We saved our work on Floppy Disks, and as time progressed, on hard drives, which would be copied to floppy disks, for as you know, Floppies do not last long. Each year a secretary would use the DOS command, Xcopy, and with a brand new box of diskettes, get everything saved in the “Precedent” section of the Hard Drive onto floppies.

As the world went from Windows 3.1 to Windows 95 we stayed in DOS, buying new “naked” handmade computers for a fraction of the cost, loading them with DOS and Professional Write, making a Directory for our Precedents, and feeding floppy by floppy into the new computer.

Soon enough we began to burn CDs of our work so that every single computer that came in our office from 1988 until 1999 had a cloned harddrive. Each new computer processed faster, had more storage and move places to plug things in, but there never was a “work” holiday.

A computer arrived, was plugged in,  a secretary (not IT manager)  installed DOS and Professional Write, made a directory under Professional Write called “Precedents” and either fed it diskettes or a CD. Though our laptops came pre-bloated, we would use the little facility to load our Professional Write, fling an Icon on the desktop and and do all our word processing in PW.

For those who needed Internet accessibility, there was a D drive, loaded with a flavour of Linux. As Linux could find all the files on the C drive, those we wished to export; i.e. email or upload, we would follow a specific protocol. We would save those files with a .rtf extension or as html in a special directory.  Linux would find the files, they’d be transmitted, then, back in DOS we’d do a ‘del *.*’ of all files in that directory.

This is because what was saved in ‘Normal’ on PW was subject to 128 bit encryption.  Hence, even if one could of hacked into our computers, without PW once could no more read our files than read a photograph translated to text.

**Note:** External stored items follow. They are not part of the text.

(* Let $H,K$ be groups, $G=H\times K$, and $\phi\in\operatorname{End}(G)$ with $\phi(h,k)=(\alpha(h)\beta(k),\delta(k))$, where $\alpha\in\operatorname{End}(H)$, $\beta\in\operatorname{Hom}(K,H)$ with $[\operatorname{im}\alpha,\operatorname{im}\beta]=1$, and $\delta\in\operatorname{End}(K)$. Let $\{k_j\}_{j\in\mathcal J}$ be a set of representatives of the $\delta$-conjugacy classes of $K$. For each $j$, the twisted stabiliser $\operatorname{Stab}_\delta(k_j)$ acts on the right on the set $\mathcal R[\alpha]$ of $\alpha$-conjugacy classes of $H$ by $([h]_\alpha,y)\mapsto[h\beta(y)]_\alpha$; let $r_j$ be the number of orbits of this action. Then $R(\phi)=\sum_{j\in\mathcal J}r_j$, where an infinite sum, or a sum having some term equal to $\infty$, is interpreted as $\infty$.
   Context: For an endomorphism $\psi$ of a group $A$, $x,y\in A$ are $\psi$-conjugate if $x=gy\psi(g)^{-1}$ for some $g\in A$; $[x]_\psi$ is the class of $x$, $\mathcal R[\psi]$ the set of classes and $R(\psi)=|\mathcal R[\psi]|\in\mathbb{N}\cup\{\infty\}$. The $\psi$-stabiliser (twisted stabiliser) of $a\in A$ is the subgroup $\operatorname{Stab}_\psi(a)=\{b\in A\mid a=ba\psi(b)^{-1}\}$. *)

From Stdlib Require Import List Arith ClassicalEpsilon.
Import ListNotations.

Record group := Group {
  gcar :> Type;
  gmul : gcar -> gcar -> gcar;
  gone : gcar;
  ginv : gcar -> gcar;
  gmulA : forall x y z, gmul x (gmul y z) = gmul (gmul x y) z;
  gmul1 : forall x, gmul gone x = x;
  gmulV : forall x, gmul (ginv x) x = gone
}.
Arguments gmul {g}.
Arguments gone {g}.
Arguments ginv {g}.

Definition is_hom (A B : group) (f : A -> B) : Prop :=
  forall x y, f (gmul x y) = gmul (f x) (f y).

Section Prod.
Variables H K : group.
Definition pmul (x y : gcar H * gcar K) : gcar H * gcar K :=
  (gmul (fst x) (fst y), gmul (snd x) (snd y)).
Definition pinv (x : gcar H * gcar K) : gcar H * gcar K :=
  (ginv (fst x), ginv (snd x)).
Lemma pmulA x y z : pmul x (pmul y z) = pmul (pmul x y) z.
Proof. destruct x, y, z; unfold pmul; simpl; rewrite !gmulA; reflexivity. Qed.
Lemma pmul1 x : pmul (gone, gone) x = x.
Proof. destruct x; unfold pmul; simpl; rewrite !gmul1; reflexivity. Qed.
Lemma pmulV x : pmul (pinv x) x = (gone, gone).
Proof. destruct x; unfold pmul, pinv; simpl; rewrite !gmulV; reflexivity. Qed.
Definition prod_group : group :=
  Group (gcar H * gcar K) pmul (gone, gone) pinv pmulA pmul1 pmulV.
End Prod.

Definition tconj (A : group) (psi : A -> A) (x y : A) : Prop :=
  exists g : A, x = gmul (gmul g y) (ginv (psi g)).

Definition tstab (A : group) (psi : A -> A) (a : A) : A -> Prop :=
  fun b => a = gmul (gmul b a) (ginv (psi b)).

Inductive enat := Fin (n : nat) | Inf.

Definition has_n_classes (X : Type) (E : X -> X -> Prop) (n : nat) : Prop :=
  exists l : list X, length l = n /\
    ForallOrdPairs (fun a b => ~ E a b) l /\
    (forall x, exists y, In y l /\ E x y).

Definition nclasses (X : Type) (E : X -> X -> Prop) : enat :=
  match excluded_middle_informative (exists n, has_n_classes X E n) with
  | left h => Fin (proj1_sig (constructive_indefinite_description _ h))
  | right _ => Inf
  end.

Definition reidemeister (A : group) (psi : A -> A) : enat :=
  nclasses (gcar A) (tconj A psi).

Definition efin (e : enat) : nat := match e with Fin n => n | Inf => 0 end.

One day, it was decided to hire an “IT Expert”. He examined our systems, made many unpleasant remarks, and during our two week Christmas break, “upgraded”. Everyone walked in on January 3 to find XP on their computers.

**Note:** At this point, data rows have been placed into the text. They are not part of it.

(* With u = e^(S - s), the profile is (E^2 + 1 - 2 E u) / (1 - u^2) with E = e^S:
   the numerator stays above (E - 1)^2 > 0 while the denominator decreases to 0. *)
Lemma cone_profile_cvgy (S : R) : 0 < S ->
  (fun s => (expR S ^+ 2 + 1 - 2 * expR (- s) * expR S ^+ 2)
    / (1 - expR (- s) ^+ 2 * expR S ^+ 2)) @ S^'+ --> +oo.
Proof.
move=> S0; set E := expR S; pose u s := expR (S - s); pose den s := 1 - u s ^+ 2.
have E1 : 1 < E by rewrite pexpR_gt1.
have profileE s : (E ^+ 2 + 1 - 2 * expR (- s) * E ^+ 2) / (1 - expR (- s) ^+ 2 * E ^+ 2)
    = (E ^+ 2 + 1 - 2 * E * u s) / den s.
  by rewrite /den /u expRD -/E; congr (_ / _); ring.
have den_cvg : den @ S^'+ --> 0.
  have := @is_derive_cvg_at_right R den S _ _.
  by rewrite /den /u subrr expR0 expr1n subrr; apply.
have den_gt0 : \forall s \near S^'+, 0 < den s.
  near=> s; rewrite /den subr_gt0 expr_lt1 ?expR_ge0 // expR_lt1 subr_lt0.
  by near: s; exact: nbhs_right_gt.
have bound : \forall s \near S^'+, (E - 1) ^+ 2 * (den s)^-1 <=
    (E ^+ 2 + 1 - 2 * E * u s) / den s.
  near=> s; rewrite ler_pM2r ?invr_gt0; last by near: s.
  have : u s <= 1 by rewrite expR_le1 subr_le0; apply: ltW; near: s; exact: nbhs_right_gt.
  nra.
have : (fun s => (E - 1) ^+ 2 * (den s)^-1) @ S^'+ --> +oo.
  apply: gt0_cvgMry; first by rewrite exprn_gt0 // subr_gt0.
  exact/(cvgrVy den_gt0).
move=> /cvgryPgt low; apply/cvgryPgt => A; near=> s; rewrite profileE.
suff [lowA boundA] : A < (E - 1) ^+ 2 * (den s)^-1 /\
    (E - 1) ^+ 2 * (den s)^-1 <= (E ^+ 2 + 1 - 2 * E * u s) / den s.
  exact: lt_le_trans lowA boundA.
by split; near: s; [exact: low | exact: bound].
Unshelve. all: by end_near. Qed.

End Profiles.

Section Examples.
Variable R : realType.

Lemma path_to_K2_with_fX_lim0 (l : R) : 1 < l ->
  exists X : R -> finMetric R, GH_conv X (K2 R) /\ fX_lim0 X l.
Proof.
move=> /cluster_params[n [a [c [[a0 a2 c0 c2] [sum_ac quad0 lim]]]]].
exists (wedge_path n a0 a2 c0 c2); split; first exact: wedge_path_GH.
apply: (fX_lim0_of (g := fun s => l + 2 / (1 + expR (- s)) - 1)).
  by move=> s v s0; rewrite -lim; exact: wedge_path_fXE.
exact: wedge_profile_cvg0.
Qed.

Lemma path_to_K2_with_fX_limoo (L : R) : 2 < L ->
  exists X : R -> finMetric R, GH_conv X (K2 R) /\ fX_limoo X L.
Proof.
move=> L2; have /cluster_params[n [a [c [[a0 a2 c0 c2] [sum_ac quad0 lim]]]]] : 1 < L - 1.
  by lra.
exists (wedge_path n a0 a2 c0 c2); split; first exact: wedge_path_GH.
apply: (fX_limoo_of (g := fun s => L - 1 + 2 / (1 + expR (- s)) - 1)).
  by move=> s v s0; rewrite -lim; exact: wedge_path_fXE.
by have := wedge_profile_cvgy (W := L - 1); rewrite subrK; apply.
Qed.

Lemma path_to_K2_with_fX_singular (S : R) : 0 < S ->
  exists X : R -> finMetric R, GH_conv X (K2 R) /\ fX_singular X S.
Proof.
move=> S0; have /cluster_params[n [a [c [[a0 a2 c0 c2] [sum_ac quad0 lim]]]]] :
    1 < expR S ^+ 2 by rewrite exprn_egt1 // pexpR_gt1.
exists (cone_path n a0 a2 c0 c2); split; first exact: cone_path_GH.
apply: fX_singular_of S0 _ (cone_profile_cvgy S0) => s s0 sS.
rewrite -lim; apply: cone_path_fX => //; rewrite lim -exprMn -expRD -expRM_natr.
rewrite subr_eq0 eq_sym -[X in _ == X]expR0 (inj_eq (@expR_inj R)) mulf_eq0 pnatr_eq0 orbF.
by rewrite addrC subr_eq0 eq_sym.
Qed.

End Examples.

Theorem theorem2p7 (R : realType) :
  (forall l : R, 1 < l ->
     exists X : R -> finMetric R, GH_conv X (K2 R) /\ fX_lim0 X l)
  /\ (forall L : R, 2 < L ->
     exists X : R -> finMetric R, GH_conv X (K2 R) /\ fX_limoo X L)
  /\ (forall S : R, 0 < S ->
     exists X : R -> finMetric R, GH_conv X (K2 R) /\ fX_singular X S).
Proof.
split; first exact: path_to_K2_with_fX_lim0.
split; first exact: path_to_K2_with_fX_limoo.
exact: path_to_K2_with_fX_singular.
Qed.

There was no little corner for Professional Write. This genius imperiously told the staff they had to learn to use new and modern word processing programs.

This did not go down well, to be polite.

One of the things  many IT geniuses never take into consideration is the key factor in our world; our work.

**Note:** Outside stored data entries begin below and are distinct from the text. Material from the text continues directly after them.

(* For all $M,N\in\Lambda^{001}$, if $M\longrightarrow_\beta^\infty N$ then $\mathcal T(M)\mathrel{\widetilde{\longrightarrow}_r^*}\mathcal T(N)$; that is, there are an index set $I$, resource terms $s_i$ and finite sums $T_i$ ($i\in I$) such that $\mathcal T(M)=\{s_i : i\in I\}$, $\mathcal T(N)=\bigcup_{i\in I}T_i$ and $s_i\longrightarrow_r^* T_i$ for each $i\in I$.
   Context: Fix a set $\mathcal V$ of variables. A 001-infinitary λ-term is a possibly infinite tree built from variables $x\in\mathcal V$, abstractions $\lambda x.M$ and applications $(M)N$ ($N$ the argument), such that every infinite branch enters infinitely often the argument position of an application node; $\Lambda^{001}$ is the set of such terms, up to α-equivalence, with fresh variables always available. $M[N/x]$ is capture-avoiding substitution. One-step β-reduction $\longrightarrow_\beta$ is the contextual closure (finite derivations) of $(\lambda x.M)N\longrightarrow_\beta M[N/x]$; $\longrightarrow_\beta^*$ its reflexive-transitive closure. The infinitary reduction $\longrightarrow_\beta^\infty$ is defined by the rules below, with possibly infinite derivations in which every infinite branch passes infinitely often through the third premise of (@): (var) $M\longrightarrow_\beta^* x\Rightarrow M\longrightarrow_\beta^\infty x$; (λ) $M\longrightarrow_\beta^*\lambda x.P$, $P\longrightarrow_\beta^\infty P'$ $\Rightarrow M\longrightarrow_\beta^\infty\lambda x.P'$; (@) $M\longrightarrow_\beta^*(P)Q$, $P\longrightarrow_\beta^\infty P'$, $Q\longrightarrow_\beta^\infty Q'$ $\Rightarrow M\longrightarrow_\beta^\infty(P')Q'$. Resource terms: $s::=x\mid\lambda x.s\mid\langle s\rangle\bar t$, $\bar t=[t_1,\dots,t_n]$ a finite multiset of resource terms. Finite sums are finite sets of resource terms written additively ($0$ empty), constructors extended by linearity. Resource substitution $s\langle\bar t/x\rangle$ is the sum over $\sigma\in\mathfrak S_n$ of the terms obtained by substituting $t_{\sigma(i)}$ for the $i$-th free occurrence of $x$ in $s$ if $x$ has exactly $n$ free occurrences, and $0$ otherwise. Simple resource reduction $\longmapsto_r$ is the least relation from terms (resp. monomials) to finite sums containing $\langle\lambda x.s\rangle\bar t\longmapsto_r s\langle\bar t/x\rangle$ and closed under abstraction, function and argument positions of applications, and elements of monomials. On finite sums, $\sum_{i=0}^n s_i\longrightarrow_r\sum_{i=0}^n T_i$ when $s_0\longmapsto_r T_0$ and for $1\le i\le n$ either $s_i\longmapsto_r T_i$ or $T_i=s_i$; $\longrightarrow_r^*$ is the reflexive-transitive closure (a single term is identified with the one-element sum). For sets $\mathcal S,\mathcal S'$ of resource terms, $\mathcal S\mathrel{\widetilde{\longrightarrow}_r^*}\mathcal S'$ is as spelled out in the claim. Taylor approximation $\ltimes$ is inductive: $x\ltimes x$; $s\ltimes M\Rightarrow\lambda x.s\ltimes\lambda x.M$; ($s\ltimes M$ and $t_i\ltimes N$ for all $i$) $\Rightarrow\langle s\rangle[t_1,\dots,t_n]\ltimes(M)N$. $\mathcal T(M)=\{s : s\ltimes M\}$. *)

(* Terms are represented with de Bruijn indices (this quotients
   by alpha-equivalence; free variables are natural numbers). *)
From Stdlib Require Import List Arith PeanoNat.
Import ListNotations.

We don’t have computers in our office to play Spider Solitaire visit You Tube or My Space, we have them to produce documents.

This Genius never thought we would have twenty years of precedents which could only be read in Professional Write, nor that the staff had used this incredibly simple program to great efficiency. As far as he knew, XP was “state of the art”, (this is before Vista) and the world had to use whatever word processing program came in the bundle. His idea was that the office was extremely eccentric, compulsive retentive and that it was time for us to Move On.

When clearly instructed that there was twenty years of work we needed to keep, his voice got squeaky, and he muttered, ‘oh’.  With all respect, this character never for one second imagined that we had precedents and copies saved that could not be read in anything but PW.

I recount this story with all its gory details to give you enough fortitude to confront those shills who try to get you to upgrade to unproductivity. This is because of a major disconnect between the Work and the Process.

Managers know what work they need done, even clerks know what they have to do, the IT genius has no idea. He doesn’t realise a lawyer’s office which deals with fusty old Writs and Petitions doesn’t need sound nor graphic nor games, all it needs to do is produce documents.

Further, most IT experts know nothing about Information Technology. They know about Microsoft.  Microsoft is NOT Information Technology.  MIcrosoft is an Operating System.  There is a difference between IT and Microsoft on the level of the difference between being a chef and knowing how to micro a TV dinner.

If your system is working, don’t touch it. Don’t buy prebloated computers unless you can F/Disk and load what you’ve been using successfully all these years.